(* Double counting pairs (v, U) with v in U of corank >= 2: each solution
   contains the whole coset v + Z of such a vector, and each such v lies in
   few solutions since it shrinks the instance by at least 3. *)
Lemma count_high k : count_bound k -> (\dim W - \dim Z <= k + 3)%nat ->
  (size [seq U <- s | high_corank W U] <= #|F| ^ (\dim W - \dim Z + bound_exp k))%nat.
Proof.
move=> IHk small_W; have [sZW _] := radZ.
have q_gt0 : (0 < #|F|)%nat by apply: ltnW (card_finNzRing_gt1 F).
rewrite expnD -(@leq_pmul2r (#|F| ^ \dim Z)) ?expn_gt0 ?q_gt0 //.
rewrite mulnAC -expnD subnK ?dimvS // -[(#|F| ^ \dim W)%nat]card_vspace.
apply: (double_count (P := fun v => 1 < corank W v)%nat).
- by move=> U; rewrite mem_filter => /andP[_ /sol_s[]].
- move=> U; rewrite mem_filter => /andP[/existsP[v0 /andP[v0U cr_v0]] /sol_s[sZU _ _ _]].
  rewrite -card_vspace -(card_imset _ (addrI v0)); apply: subset_leq_card.
  apply/subsetP => x /imsetP[z zZ ->]; rewrite inE /=.
  by rewrite rpredD //= ?(subvP sZU) // (corank_shift _ radZ zZ).
- move=> v vW cr_v; have vZ : v \notin Z.
    by apply: contraL cr_v => vZ; rewrite (corank_radical radZ vZ).
  have small_v : (\dim (W :&: perpv v) - (\dim Z).+1 <= k)%nat.
    by move: cr_v; rewrite /corank; lia.
  apply: leq_trans (count_containing IHk vW vZ small_v).
  by rewrite count_filter; apply: sub_count => U /andP[].
Qed.

(* Double counting pairs (v, U) with v in U \ Z: a solution without vectors of
   corank >= 2 has dimension at least (dim W + dim Z) / 2, hence many vectors
   outside Z, and each v outside Z shrinks the instance by at least 2. *)
Lemma count_low k : count_bound k -> (\dim Z < \dim W)%nat ->
  (\dim W - \dim Z <= k + 2)%nat -> (forall v, v \in W -> v \notin Z -> (0 < corank W v)%nat) ->
  (size [seq U <- s | ~~ high_corank W U] <=
     #|F| ^ (\dim W - \dim Z - (\dim W - \dim Z + 1) %/ 2 + 1 + bound_exp k))%nat.
Proof.
move=> IHk ltZW small_W nondeg.
have q_gt1 : (1 < #|F|)%nat := card_finNzRing_gt1 F.
set c := ((\dim W - \dim Z + 1) %/ 2)%nat; set d := (\dim Z + c - 1)%nat.
have dW : (\dim W - \dim Z - c + 1 + d = \dim W)%nat by rewrite /d /c; lia.
rewrite -(@leq_pmul2r (#|F| ^ d)) ?expn_gt0 ?(ltnW q_gt1) //.
rewrite expnD mulnAC -expnD dW -[(#|F| ^ \dim W)%nat]card_vspace.
apply: (double_count (P := fun v => v \notin Z)).
- by move=> U; rewrite mem_filter => /andP[_ /sol_s[]].
- move=> U; rewrite mem_filter => /andP[lowU Us]; have solU := sol_s Us.
  have [sZU _ _ _] := solU.
  have dimU : (\dim W + \dim Z <= 2 * \dim U)%nat.
    apply: rel_max_dim radZ solU _ => v vU.
    have : ~~ (1 < corank W v)%nat.
      by apply: contra lowU => cr_v; apply/existsP; exists v; rewrite vU.
    by have := dimvS (capvSl W (perpv v)); rewrite /corank; lia.
  apply: leq_trans (card_vspace_diff sZU _); last by lia.
  by apply: leq_pexp2l; rewrite ?(ltnW q_gt1) // /d /c; lia.
- move=> v vW vZ; have := nondeg v vW vZ.
  have := dimvS (capvSl W (perpv v)); rewrite /corank => le_perp cr_v.
  have small_v : (\dim (W :&: perpv v) - (\dim Z).+1 <= k)%nat by lia.
  apply: leq_trans (count_containing IHk vW vZ small_v).
  by rewrite count_filter; apply: sub_count => U /andP[].
Qed.

End Counting.
Lemma ip_le_friedrichs_cos v1 v2 : V1 v1 -> orth_to ip M v1 ->
  V2 v2 -> orth_to ip M v2 -> `|ip v1 v2| <= c * `|v1| * `|v2|.
Proof.
move=> V1v1 o1 V2v2 o2.
have [->|n1] := eqVneq v1 0; first by rewrite (ip0l hip) !normr0 mulr0 mul0r.
have [->|n2] := eqVneq v2 0; first by rewrite (ip0r hip) !normr0 !mulr0.
have p1 : 0 < `|v1| by rewrite normr_gt0.
have p2 : 0 < `|v2| by rewrite normr_gt0.
rewrite -mulrA -ler_pdivrMr ?mulr_gt0 //.
rewrite /friedrichs_cos; set S := (X in sup X).
have unit_vec (V : set H) v : closed_subspace V -> V v -> v != 0 -> orth_to ip M v ->
    V (`|v|^-1 *: v) /\ `| `|v|^-1 *: v| = 1 /\ orth_to ip M (`|v|^-1 *: v).
  move=> hV Vv v0 ov; split; first exact: closed_subspaceZ.
  split; first by rewrite normrZ normfV normr_id mulVf ?normr_eq0.
  by move=> m Mm; rewrite (ipZl hip) ov // mulr0.
have Sv : S (`|ip v1 v2| / (`|v1| * `|v2|)).
  exists (`|v1|^-1 *: v1), (`|v2|^-1 *: v2); split; [exact: unit_vec | exact: unit_vec |].
  rewrite (ipZl hip) (ipZr hip) !normrM !normfV !normr_id invfM; ring.
apply: (sup_upper_bound _ Sv); split; first by exists (`|ip v1 v2| / (`|v1| * `|v2|)).
exists 1 => _ [u1 [u2 [[_ [nu1 _]] [_ [nu2 _]] ->]]].
by rewrite -(mulr1 1) -{1}nu1 -nu2 (cauchy_schwarz hip).
Qed.

Lemma friedrichs_proj_le z p : V2 z -> orth_to ip M z -> is_orth_proj ip V1 z p ->
  `|p| <= c * `|z|.
Proof.
move=> V2z oz [V1p orth].
have c0 : 0 <= c by have := friedrichs_cos_itv; rewrite in_itv => /andP[].
have [->|p0] := eqVneq p 0; first by rewrite normr0 mulr_ge0.
have op : orth_to ip M p.
  by have := orth_toB hip oz (fun m (Mm : M m) => orth m Mm.1); rewrite subKr.
have pz : `|p| ^+ 2 = ip p z.
  by rewrite -{1}[z](subrKC p) (ipDr hip) (ipC hip p (z - p)) orth // addr0 (ip_norm2 hip).
have : `|p| * `|p| <= `|p| * (c * `|z|).
  rewrite -expr2 pz mulrCA mulrA; apply: le_trans (ler_norm _) _.
  exact: ip_le_friedrichs_cos.
by rewrite ler_pM2l ?normr_gt0.
Qed.
Lemma g_le_neg_ln_f {eta} : 0 < eta -> exists2 M, 0 < M & forall r, M < r ->
  [/\ 0 < f r, f r < 1 & g r <= eta * - ln (f r)].
Proof.
move=> eta0.
have /cvgrPdist_le /(_ eta eta0) [M1 [_ HM1]] := D_lim.
have [r1 [r10 fr1]] := f_onto _ ltr01.
exists (Num.max M1 r1); first by rewrite lt_max r10 orbT.
move=> r; rewrite gt_max => /andP[rM1 rr1].
have r0 : 0 < r by apply: lt_trans rr1.
have fr0 := f_pos _ r0; have fr_lt1 : f r < 1 by rewrite -fr1 f_decr.
have ln0 : ln (f r) < 0 by rewrite ln_lt0 // fr0.
split=> //; have := HM1 _ rM1.
rewrite sub0r normrN (ltr0_norm ln0) ger0_norm; last first.
  by rewrite divr_ge0 ?oppr_ge0 ?ltW // g_pos // ltW.
by rewrite ler_pdivrMr // oppr_gt0.
Qed.

Variables (Kt t : R).
Hypotheses (Kt_pos : 0 < Kt) (t_pos : 0 < t).
Let Ktt_gt0 : 0 < Kt * t := mulr_gt0 Kt_pos t_pos.

Lemma Gt_expR r : 0 < r -> Gt f g Kt t r = expR (2 * ln (f r) + Kt * t * g r).
Proof.
by move=> r0; rewrite /Gt expRD expRM_natl lnK // posrE f_pos.
Qed.

Lemma Gt_ge_sqr r : 0 <= r -> f r ^+ 2 <= Gt f g Kt t r.
Proof.
move=> r0; rewrite /Gt ler_peMr ?sqr_ge0 // -expR0 ler_expR.
by rewrite mulr_ge0 // ltW // g_pos.
Qed.

Lemma Gt_le_powR {eps} : 0 < eps -> exists2 M, 0 < M & forall r, M < r ->
  [/\ 0 < f r, f r < 1 & Gt f g Kt t r <= f r `^ (2 - eps)].
Proof.
move=> eps0; have [M M0 HM] := g_le_neg_ln_f (divr_gt0 eps0 Ktt_gt0).
exists M => // r rM; have [fr0 fr1 gr] := HM r rM; split=> //.
have cg : Kt * t * g r <= eps * - ln (f r).
  by rewrite mulrC -ler_pdivlMr // mulrAC.
rewrite Gt_expR ?(lt_trans M0) // /powR gt_eqF // ler_expR; lra.
Qed.

Lemma Gt_between_sqr_powR eps : 0 < eps < 1 -> exists M, 0 < M /\
  forall r, M < r -> f r ^+ 2 <= Gt f g Kt t r /\ Gt f g Kt t r <= f r `^ (2 - eps).
Proof.
move=> /andP[eps0 _]; have [M M0 HM] := Gt_le_powR eps0.
exists M; split=> // r rM; have [_ _ Gle] := HM r rM.
by split=> //; apply: Gt_ge_sqr; rewrite ltW // (lt_trans M0).
Qed.
Lemma is_bd_nil Y q (c : chain F X q) : chain_eq c [::] -> is_bd Y c.
Proof. by move=> c0; exists [::]; split=> // t; rewrite c0 /coef big_nil. Qed.

Lemma is_bd_cat Y q (c d : chain F X q) :
  is_bd Y c -> is_bd Y d -> is_bd Y (c ++ d).
Proof.
move=> [c' [hc' c'c]] [d' [hd' d'd]]; exists (c' ++ d').
by split=> [|t]; [apply: is_chain_cat | rewrite coef_cat !coef_bd
  eval_cochain_cat -!coef_bd c'c d'd].
Qed.

Lemma is_bd_scale Y q a (c : chain F X q) :
  is_bd Y c -> is_bd Y [seq (a * p.1, p.2) | p <- c].
Proof.
move=> [c' [hc' c'c]]; exists [seq (a * p.1, p.2) | p <- c'].
split=> [|t]; first exact: is_chain_rescale.
by rewrite coef_scale coef_bd eval_cochain_scale -coef_bd c'c.
Qed.

Lemma is_bd_sub Y q (c d : chain F X q) :
  is_bd Y c -> is_bd Y d -> is_bd Y (chain_sub c d).
Proof.
move=> hc /(is_bd_scale (-1)) hd; apply: is_bd_eq (is_bd_cat hc hd) => t.
by rewrite coef_sub coef_cat coef_scale mulN1r.
Qed.

Lemma is_bd_subrr Y q (c : chain F X q) : is_bd Y (chain_sub c c).
Proof. by apply: is_bd_nil => t; rewrite coef_sub subrr coef_nil. Qed.

Lemma is_bd_combo Y q k (a : 'I_k -> F) (z : 'I_k -> chain F X q) :
  (forall i, is_bd Y (z i)) -> is_bd Y (combo a z).
Proof.
move=> /fin_all_exists[e he]; exists (combo a e); split=> [|t].
  by apply: is_chain_combo => i; case: (he i).
rewrite coef_combo coef_bd eval_cochain_combo; apply: eq_bigr => i _.
by case: (he i) => _ <-; rewrite coef_bd.
Qed.

Lemma is_bdS Y Y' q (c : chain F X q) : Y `<=` Y' -> is_bd Y c -> is_bd Y' c.
Proof.
by move=> YY' [d [hd dc]]; exists d; split=> //; apply: is_chainS hd.
Qed.

Lemma is_cycle_chain Y q (c : chain F X q) : is_cycle Y c -> is_chain Y c.
Proof. by case: q c => [|q] c //= []. Qed.

Lemma is_cycle_combo Y q k (a : 'I_k -> F) (z : 'I_k -> chain F X q) :
  (forall i, is_cycle Y (z i)) -> is_cycle Y (combo a z).
Proof.
move=> hz; have hc : is_chain Y (combo a z).
  by apply: is_chain_combo => i; apply: is_cycle_chain.
case: q z hz hc => [|q] z hz hc //=; split=> // t.
rewrite coef_bd eval_cochain_combo coef_nil big1 // => i _.
by case: (hz i) => _ /(_ t); rewrite coef_bd coef_nil => ->; rewrite mulr0.
Qed.

Lemma is_cycleS Y Y' q (c : chain F X q) :
  Y `<=` Y' -> is_cycle Y c -> is_cycle Y' c.
Proof.
case: q c => [|q] c YY' /=; first exact: is_chainS.
by case=> hc hbd; split=> //; apply: is_chainS hc.
Qed.

Lemma sum_neq0_witness (I : Type) (r : seq I) (f : I -> F) :
  \sum_(i <- r) f i != 0 -> exists2 i, List.In i r & f i != 0.
Proof.
elim: r => [|i r IHr]; first by rewrite big_nil eqxx.
rewrite big_cons; have [fi0 | fi_neq0] := eqVneq (f i) 0; last first.
  by exists i; [left|].
by rewrite fi0 add0r => /IHr[j jr fj]; exists j; [right|].
Qed.

(* Such a simplex agrees on the standard simplex with a face of a simplex of
   [Y]; [vertex0 q] is merely a convenient point at which to evaluate it. *)
Lemma bd_coef_support Y q (c : chain F X q.+1) t :
  is_chain Y c -> coef (bd c) t != 0 -> Y (t (vertex0 q)).
Proof.
move=> hc; rewrite coef_bd => /sum_neq0_witness[p pc].
rewrite mulf_eq0 negb_or => /andP[_ /sum_neq0_witness[i _]].
rewrite mulf_eq0 negb_or /simplex_ind => /andP[_].
case: asboolP => [same_pt _|]; last by rewrite eqxx.
rewrite -(same_pt _ (@std_simplex_vertex0 q)); have [_ p_sub] := hc p pc.
apply: p_sub; exists (face_vec i (vertex0 q)) => //.
exact/std_simplex_face/std_simplex_vertex0.
Qed.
● ● ●
__TASK TO CARRY OUT__.
Up to and including the line with "(size [seq U <- s | ~~", restate the records above word for word from the very first line.

__SOLUTION TO THIS EXERCISE__.
(* Double counting pairs (v, U) with v in U of corank >= 2: each solution
   contains the whole coset v + Z of such a vector, and each such v lies in
   few solutions since it shrinks the instance by at least 3. *)
Lemma count_high k : count_bound k -> (\dim W - \dim Z <= k + 3)%nat ->
  (size [seq U <- s | high_corank W U] <= #|F| ^ (\dim W - \dim Z + bound_exp k))%nat.
Proof.
move=> IHk small_W; have [sZW _] := radZ.
have q_gt0 : (0 < #|F|)%nat by apply: ltnW (card_finNzRing_gt1 F).
rewrite expnD -(@leq_pmul2r (#|F| ^ \dim Z)) ?expn_gt0 ?q_gt0 //.
rewrite mulnAC -expnD subnK ?dimvS // -[(#|F| ^ \dim W)%nat]card_vspace.
apply: (double_count (P := fun v => 1 < corank W v)%nat).
- by move=> U; rewrite mem_filter => /andP[_ /sol_s[]].
- move=> U; rewrite mem_filter => /andP[/existsP[v0 /andP[v0U cr_v0]] /sol_s[sZU _ _ _]].
  rewrite -card_vspace -(card_imset _ (addrI v0)); apply: subset_leq_card.
  apply/subsetP => x /imsetP[z zZ ->]; rewrite inE /=.
  by rewrite rpredD //= ?(subvP sZU) // (corank_shift _ radZ zZ).
- move=> v vW cr_v; have vZ : v \notin Z.
    by apply: contraL cr_v => vZ; rewrite (corank_radical radZ vZ).
  have small_v : (\dim (W :&: perpv v) - (\dim Z).+1 <= k)%nat.
    by move: cr_v; rewrite /corank; lia.
  apply: leq_trans (count_containing IHk vW vZ small_v).
  by rewrite count_filter; apply: sub_count => U /andP[].
Qed.

(* Double counting pairs (v, U) with v in U \ Z: a solution without vectors of
   corank >= 2 has dimension at least (dim W + dim Z) / 2, hence many vectors
   outside Z, and each v outside Z shrinks the instance by at least 2. *)
Lemma count_low k : count_bound k -> (\dim Z < \dim W)%nat ->
  (\dim W - \dim Z <= k + 2)%nat -> (forall v, v \in W -> v \notin Z -> (0 < corank W v)%nat) ->
  (size [seq U <- s | ~~ high_corank W U] <=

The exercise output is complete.